La Legge di Bilancio 2018 ha disposto la proroga  al 31 dicembre 2018 della detrazione Irpef/Ires prevista anche per gli interventi di riqualificazione energetica, modificando tuttavia per alcune tipologie di interventi la misura della detrazione spettante, ma ampliando l’ambito degli interventi agevolabili.

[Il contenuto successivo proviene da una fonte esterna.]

Section Extension.
Variables w v : C.
Hypothesis w_neq0 : w != 0.
Hypothesis K_w : forall k, k \in K -> pl k w = 0.
Hypothesis v_neq0 : v != 0.
Hypothesis Kw_v : forall y, doubling (fun k => k \in K) w y -> pl y v = 0.
Hypothesis phiKw_phiv :
  forall b c, b \in K -> c \in K -> pl (phi b + phi c ** phi w) (phi v) = 0.

Let R0 p p' := p \in K /\ p' = phi p.
Let R1 := doubling_rel R0 w (phi w).
Let R2 := doubling_rel R1 v (phi v).

Lemma rel_dom_graph_K y : rel_dom R0 y <-> y \in K.
Proof. by split=> [[_ []] | yK] //; exists (phi y). Qed.

Lemma iso_rel_graph_K : is_iso_rel R0.
Proof.
exact: graph_iso_rel comp_subalg_K phi_lin local_aut_one local_aut_norm local_aut_mulK.
Qed.

Lemma rel_dom_doubling_K y : rel_dom R1 y <-> doubling (fun k => k \in K) w y.
Proof. by rewrite rel_dom_doubling; split; apply: doubling_sub => p /rel_dom_graph_K. Qed.

Lemma iso_rel_doubling_K : is_comp_subalg (rel_dom R1) /\ is_iso_rel R1.
Proof.
have domS0 := comp_subalg_ext (fun y => iff_sym (rel_dom_graph_K y)) comp_subalg_K.
have dom0_w p : rel_dom R0 p -> pl p w = 0 by move/rel_dom_graph_K; exact: K_w.
split.
  apply: comp_subalg_ext (doubling_comp_subalg domS0 dom0_w (normc_neq0 w_neq0)) => y.
  by rewrite rel_dom_doubling.
apply: doubling_rel_iso iso_rel_graph_K dom0_w _ (local_aut_norm w) => //.
by move=> _ [p [pK ->]]; rewrite local_aut_polar K_w.
Qed.

Lemma iso_rel_doubling_twice_K : is_iso_rel R2.
Proof.
have [domS1 R1I] := iso_rel_doubling_K.
apply: doubling_rel_iso R1I _ _ (local_aut_norm v) => //.
  by move=> p /rel_dom_doubling_K; exact: Kw_v.
by move=> _ [_ [b [c [b' [c' [[bK ->] [cK ->] _ ->]]]]]]; exact: phiKw_phiv.
Qed.

Lemma rel_dom_doubling_twice_K y : rel_dom R2 y.
Proof.
apply/rel_dom_doubling; apply: doubling_sub (fun p => (rel_dom_doubling_K p).2) _.
apply: doubling_twice_full comp_subalg_K _ K_w (normc_neq0 w_neq0) Kw_v (normc_neq0 v_neq0) y.
by case: KS => -> _ _ _; rewrite dimC.
Qed.

Lemma local_aut_extend_K_orth :
  exists2 psi, is_automorphism mul psi & (forall k, k \in K -> psi k = phi k) /\ psi w = phi w.
Proof.
have [psi psi_aut psiR] :=
  iso_rel_automorphism iso_rel_doubling_twice_K rel_dom_doubling_twice_K.
have [_ R1I] := iso_rel_doubling_K; have R0I := iso_rel_graph_K.
have R2_R0 p p' : R0 p p' -> R2 p p'.
  by move=> R0p; apply: (doubling_rel_embed _ _ R1I); exact: doubling_rel_embed.
exists psi => //; split=> [k kK | ]; first by apply/psiR/R2_R0.
have R0_1 : R0 one (phi one) by split=> //; case: KS.
have := doubling_rel_orth w (phi w) R0I R0_1; rewrite local_aut_one !mul1c => R1w.
by apply/psiR/(doubling_rel_embed v (phi v) R1I).
Qed.

End Extension.

End Generator.

Lemma local_aut_extend_K_point x : exists psi, [/\ is_automorphism mul psi,
  forall k, k \in K -> psi k = phi k & psi x = phi x].
Proof.
have [a aK a_gen] := exists_K_generator.
have [w [w_neq0 K_w [k kK x_eq]]] := exists_orth_decomposition aK a_gen x.
have [v [v_neq0 Kw_v phiKw_phiv]] := exists_doubling_orth aK a_gen w.
have [psi psi_aut [psiK psiw]] :=
  local_aut_extend_K_orth aK a_gen w_neq0 K_w v_neq0 Kw_v phiKw_phiv.
have [psi_lin _ _] := psi_aut.
exists psi; split=> //; case: x_eq => ->; first exact: psiK.
by rewrite (linear_mapD psi_lin) (linear_mapD phi_lin) psiK ?psiw.
Qed.

End LocalAutomorphism.
End Composition.

Theorem lemma4p4 (F : fieldType) (C : vectType F) (mul : C -> C -> C) (one : C)
    (n : C -> F) (K : {vspace C}) (x : C) (phi : C -> C) :
  is_cayley_algebra mul one n ->
  is_division_algebra mul ->
  is_2dim_composition_subalgebra mul one n K ->
  is_local_automorphism mul phi ->
  exists psi : C -> C,
    [/\ is_automorphism mul psi,
        (forall k, k \in K -> psi k = phi k)
      & psi x = phi x].
Proof.
move=> [[mulL mulR] [mul1 [dimC [[normZ polarL] [nondeg normM]]]]] mul_div KS phi_loc.
have mul1c y : mul one y = y by case: (mul1 y).
have mulc1 y : mul y one = y by case: (mul1 y).
have one_neq0 : one != 0 by apply: (one_neq0_dim mulL mul1c); rewrite dimC.
have normc_eq0 := division_normc_eq0 mul1c nondeg normM mul_div.
exact: local_aut_extend_K_point mulL mulR mul1c mulc1 normZ polarL nondeg normM one_neq0
  normc_eq0 K phi dimC KS phi_loc x.
Qed.
(* Consider the central elements $m_\mu=m_\mu(L_1,\dots,L_4)\in\mathbb Z S_4$ for partitions $\mu$ with at most three parts and $|\mu|$ odd (the ''odd monomials''). Such an $m_\mu$ has at least one odd coefficient when expanded in the basis of class sums of $S_4$ if and only if it is one of: (1) $m_i$ for some odd $i\ge1$; (2) $m_{1,1,1}$ (among $\{m_{i,i,i}: i\text{ odd}\}$ only $m_{1,1,1}$ qualifies); (3) $m_{i,i,1}$ for some $i\ge2$ (among $\{m_{i,i,j}: j\text{ odd}, j\ne i\}$ exactly those with $j=1$ qualify); (4) $m_{i+j,i}$ for some $i\ge1$ and odd $j\ge1$. In particular no $m_{k+i+j,k+i,k}$ with $i,j,k\ge1$ and $j+k$ odd has an odd coefficient on any class sum.
   Context: $S_4$ is the symmetric group on $\{1,2,3,4\}$, $\mathbb Z S_4$ its integral group ring, whose centre has $\mathbb Z$-basis the five conjugacy class sums of $S_4$. The Jucys–Murphy elements are $L_1=0$ and $L_i=\sum_{k=1}^{i-1}(k\ i)$ for $i=2,3,4$; they pairwise commute. For a partition $\mu=(\mu_1,\dots,\mu_r)$, $m_\mu(x_1,\dots,x_4)$ is the monomial symmetric polynomial: the sum of all distinct monomials $x_1^{\alpha_1}\cdots x_4^{\alpha_4}$ with $(\alpha_1,\dots,\alpha_4)$ a rearrangement of $(\mu_1,\dots,\mu_r,0,\dots,0)$. A subscript list such as $m_{i,i,1}$ denotes $m_\mu(L_1,\dots,L_4)$ where $\mu$ is the partition whose parts are the listed entries sorted decreasingly. *)

From HB Require Import structures.
From mathcomp Require Import all_boot all_order all_algebra all_fingroup.
Set Implicit Arguments. Unset Strict Implicit. Unset Printing Implicit Defensive.
Import GRing.Theory Num.Theory.
Local Open Scope ring_scope.
(* For any ideal $\mathcal{I}$: (a) if $\mathcal{I}$ is a hereditary weak P-ideal then $\mathcal{I}$ is unboring, and if $\mathcal{I}$ is unboring then $\mathcal{I}$ is a weak P-ideal (equivalently: $\mathrm{Fin}^2\sqsubseteq\mathcal{I}\implies\mathcal{BI}\sqsubseteq\mathcal{I}\implies(\exists A\notin\mathcal{I})\ \mathrm{Fin}^2\sqsubseteq\mathcal{I}|A$); (b) neither of the two implications in (a) can be reversed in general (i.e., there is an unboring ideal which is not a hereditary weak P-ideal, and a weak P-ideal which is boring); (c) if $\mathcal{I}$ is contained in some unboring ideal then $\mathcal{I}$ is unboring; in particular, if $\mathcal{I}$ is contained in some hereditary weak P-ideal then $\mathcal{I}$ is unboring.
   Context: An ideal on an infinite countable set $X$ is a family $\mathcal{I}\subseteq\mathcal{P}(X)$ closed under subsets and finite unions, containing all finite subsets, with $X\notin\mathcal{I}$. $\mathcal{I}|A=\{B\cap A:B\in\mathcal{I}\}$. $\mathrm{Fin}^2$: ideal on $\omega^2$ of all $A$ with only finitely many $n$ such that $\{m:(n,m)\in A\}$ is infinite. $\mathcal{BI}$: ideal on $\omega^3$ of all $A$ for which there is $k$ with $\{(j,l):(i,j,l)\in A\}\in\mathrm{Fin}^2$ for $i<k$ and finite for $i\ge k$. $\mathcal{I}\sqsubseteq\mathcal{J}$: there is a bijection $f:\bigcup\mathcal{J}\to\bigcup\mathcal{I}$ with $f^{-1}[A]\in\mathcal{J}$ for all $A\in\mathcal{I}$. $\mathcal{I}$ is boring if $\mathcal{BI}\sqsubseteq\mathcal{I}$, unboring otherwise. $\mathcal{I}$ is a weak P-ideal if $\mathrm{Fin}^2\not\sqsubseteq\mathcal{I}$ (equivalently, every partition of $\bigcup\mathcal{I}$ into countably many sets from $\mathcal{I}$ admits $S\notin\mathcal{I}$ meeting each piece in a finite set), and a hereditary weak P-ideal if $\mathrm{Fin}^2\not\sqsubseteq\mathcal{I}|A$ for every $A\notin\mathcal{I}$. *)

From Stdlib Require Import List Arith.

Definition finite_set {X : Type} (A : X -> Prop) : Prop :=
  exists l : list X, forall x, A x -> In x l.

Definition countable_infinite (X : Type) : Prop :=
  (exists f : X -> nat, forall x y, f x = f y -> x = y) /\
  ~ finite_set (fun _ : X => True).

Definition is_ideal {X : Type} (I : (X -> Prop) -> Prop) : Prop :=
  (forall A B : X -> Prop, I B -> (forall x, A x -> B x) -> I A) /\
  (forall A B : X -> Prop, I A -> I B -> I (fun x => A x \/ B x)) /\
  (forall A : X -> Prop, finite_set A -> I A) /\
  ~ I (fun _ => True).

Definition restrict {X : Type} (I : (X -> Prop) -> Prop) (A : X -> Prop)
  : ({x : X | A x} -> Prop) -> Prop :=
  fun C => exists B, I B /\ forall y : {x : X | A x}, C y <-> B (proj1_sig y).

Definition sqsub {X Y : Type} (I : (X -> Prop) -> Prop) (J : (Y -> Prop) -> Prop)
  : Prop :=
  exists (f : Y -> X) (g : X -> Y),
    (forall x, f (g x) = x) /\ (forall y, g (f y) = y) /\
    (forall A : X -> Prop, I A -> J (fun y => A (f y))).

Definition Fin2 (A : nat * nat -> Prop) : Prop :=
  finite_set (fun n => ~ finite_set (fun m => A (n, m))).

Definition BI (A : nat * nat * nat -> Prop) : Prop :=
  exists k, forall i,
    (i < k -> Fin2 (fun p => A (i, fst p, snd p))) /\
    (k <= i -> finite_set (fun p => A (i, fst p, snd p))).

Definition boring {X : Type} (I : (X -> Prop) -> Prop) : Prop := sqsub BI I.
Definition unboring {X : Type} (I : (X -> Prop) -> Prop) : Prop := ~ boring I.

Definition weak_P {X : Type} (I : (X -> Prop) -> Prop) : Prop := ~ sqsub Fin2 I.

Definition hereditary_weak_P {X : Type} (I : (X -> Prop) -> Prop) : Prop :=
  forall A : X -> Prop, ~ I A -> ~ sqsub Fin2 (restrict I A).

La detrazione quindi rimane confermata nella misura del 65% per la generalità degli interventi previsti, mentre è ridotta al 50% per le spese, sostenute dal 1º gennaio 2018, relative agli interventi di acquisto e posa in opera di:

  • finestre comprensive di infissi;
  • schermature solari;
  • di impianti di climatizzazione invernale con impianti dotati di generatori di calore alimentati da biomasse combustibili.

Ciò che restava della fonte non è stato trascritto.